Saturday, January 22, 2005

A blast from the past

posted by Jazz at 1/22/2005 10:25:00 AM


This week I've been watching a series of specials on the History Channel called "The Presidents." (Incidentally, if you don't get THC or missed it, you can order them on DVD at that link.) This is one of the best series they've ever produced, and I highly recommend it. In one of the early ones, they cover the presidency of James K. Polk. While not one of the more famous presidents we've had, his time in office was still fascinating. I could not help noticing some very telling similarities and differences between Polk and the lemon we are stuck with today.

For similarities, Polk threatened to attack one country and did, in fact, attack another. The threat was against England who, by that time, were so incredibly tired of fighting wars with us that they just gave up the Oregon territory. The war was against Mexico and eventually resulted in completing the United States "manifest destiny" and claiming all of the Southwest and California. The tendency towards aggression, fortunately, is where the similarities to Dubya seem to end.

Polk's tenure in office was apparently regarded as being the most "open to the public" White House before or since. He is quoted as having said, "I am first, and foremost, a servant to the people of this country."

In those days, the army band used to play on the White House lawn every weekend, and the public was invited to attend and listen for free. Even more amazingly, when compared to today, Polk's office was open to the people of the country. Two days each week, he took visitors in his office. Anyone could request a meeting with the president by simply knocking on the front door of the White House, handing their card to the steward, and waiting in line. People traveled from all over the country for this opportunity, took cheap lodgings nearby or even camped out on the lawn, and waited for a chance to speak to the leader of the country.

I understand that practical logistics prevent our having such a policy today. But it is a startling contrast when we look at Polk in comparison to this least curious or engaged of all presidents who we are saddled with now. Bush is so painfully out of touch with the feelings and sensibilities of such a great portion of the population that it's hard to even conceive of a president who was so in touch in the people he worked to serve.
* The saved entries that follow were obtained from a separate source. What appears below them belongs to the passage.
(* For each $p>1$ let $u_p\in K_p$ be a nonnegative function with $Q(u_p)=J_p$. Then $$\gamma_p:=\Big(|A|^{-1}\int_A u_p^{p+1}\Big)^{\frac1{p+1}}\to 1\quad\text{as }p\to\infty,$$ where $A=B_{R_2}\setminus B_{R_1}$.
   Context: Let $n\ge2$, $B_1\subset\mathbb{R}^n$ the open unit ball, $B_R$ the ball of radius $R$ centered at the origin, and $V(|x|)\ge0$, $V\not\equiv0$, a smooth radial function on $B_1$. Let $G$ be the Neumann Green function: for $s\in(0,1)$, $-\partial_r^2G(r,s)-\frac{n-1}{r}\partial_rG(r,s)+V(r)G(r,s)=\delta_s$ in distributions on $(0,1)$ (Dirac mass w.r.t. $dr$), $\partial_rG(0,s)=\partial_rG(1,s)=0$. Let $F(r)=|\partial B_1|\,r^{n-1}/G(r,r)$. Let $\bar r\in(0,1)$ be a local minimum point of $F$, and fix $0<R_1<\bar r<R_2<1$ such that $\bar r$ is a global minimum point of $F$ on $[R_1,R_2]$; fix $c$ with $\max\{G(R_1,\bar r)/G(\bar r,\bar r),\,G(R_2,\bar r)/G(\bar r,\bar r)\}<c<1$. Let $H^1_r(B_1)=\{u\in H^1(B_1): u \text{ radial}\}$, $Q(u)=\int_{B_1}(|\nabla u|^2+V(|x|)u^2)$, and for $p>1$ $$K_p=\Big\{u\in H^1_r(B_1):\ \Big(|B_1|^{-1}\int_{B_1}|u|^{p+1}\Big)^{\frac1{p+1}}=1,\ |u|\le c \text{ in } B_{R_1}\cup(B_1\setminus B_{R_2})\Big\},\qquad J_p=\inf\{Q(u):u\in K_p\}.$$ *)

From HB Require Import structures.
From mathcomp Require Import all_boot all_order all_algebra.
From mathcomp Require Import all_classical all_reals all_analysis.
Set Implicit Arguments. Unset Strict Implicit. Unset Printing Implicit Defensive.
Import Order.TTheory GRing.Theory Num.Theory.
Import numFieldNormedType.Exports.
Local Open Scope classical_set_scope.
Local Open Scope ring_scope.

(* Radial functions on B_1 subset R^n are represented by their profile
   u : R -> R (u(x) = u(|x|)); only the values on ]0,1[ matter.
   Integrals of radial functions over balls/annuli are computed in polar
   coordinates: \int_{B_1} f(|x|) dx = |dB_1| \int_0^1 f(r) r^(n-1) dr. *)

Section Defs.
Context {R : realType}.
Notation mu := (@lebesgue_measure R).

(* |S^(n-1)| = |dB_1| in R^n : w_1 = 2, w_2 = 2 pi, w_(k+2) = 2 pi w_k / k *)
Fixpoint sphere_area (n : nat) : R :=
  match n with
  | 0%N => 0
  | 1%N => 2
  | 2%N => 2 * pi
  | k.+2 => 2 * pi / k%:R * sphere_area k
  end.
And work he did! Polk was the president who moved to first have gas lights installed in the White House. The reason? Because he worked late into the night six if not seven days every week. There is apparently little record of Polk leaving the capitol, except on matters of state, and while he was there he was in his office working. Contrast this with Bush, who has spent more time vacationing at his Texas ranch and any president before him. (And likely more than several of them combined.) Polk was characterized as a pure workaholic, while Bush is disinterested and lazy.

In any event, the series covers all of the presidents from Washington to the chimp, and it's really excellent. It also includes tons of really interesting presidential trivia. One example: little known quote from Abraham Lincoln - upon being accused by one of his critics of being two faced, Lincoln quipped, "If I were truly two faced, do you think I'd be wearing this one?" You have to love that guy.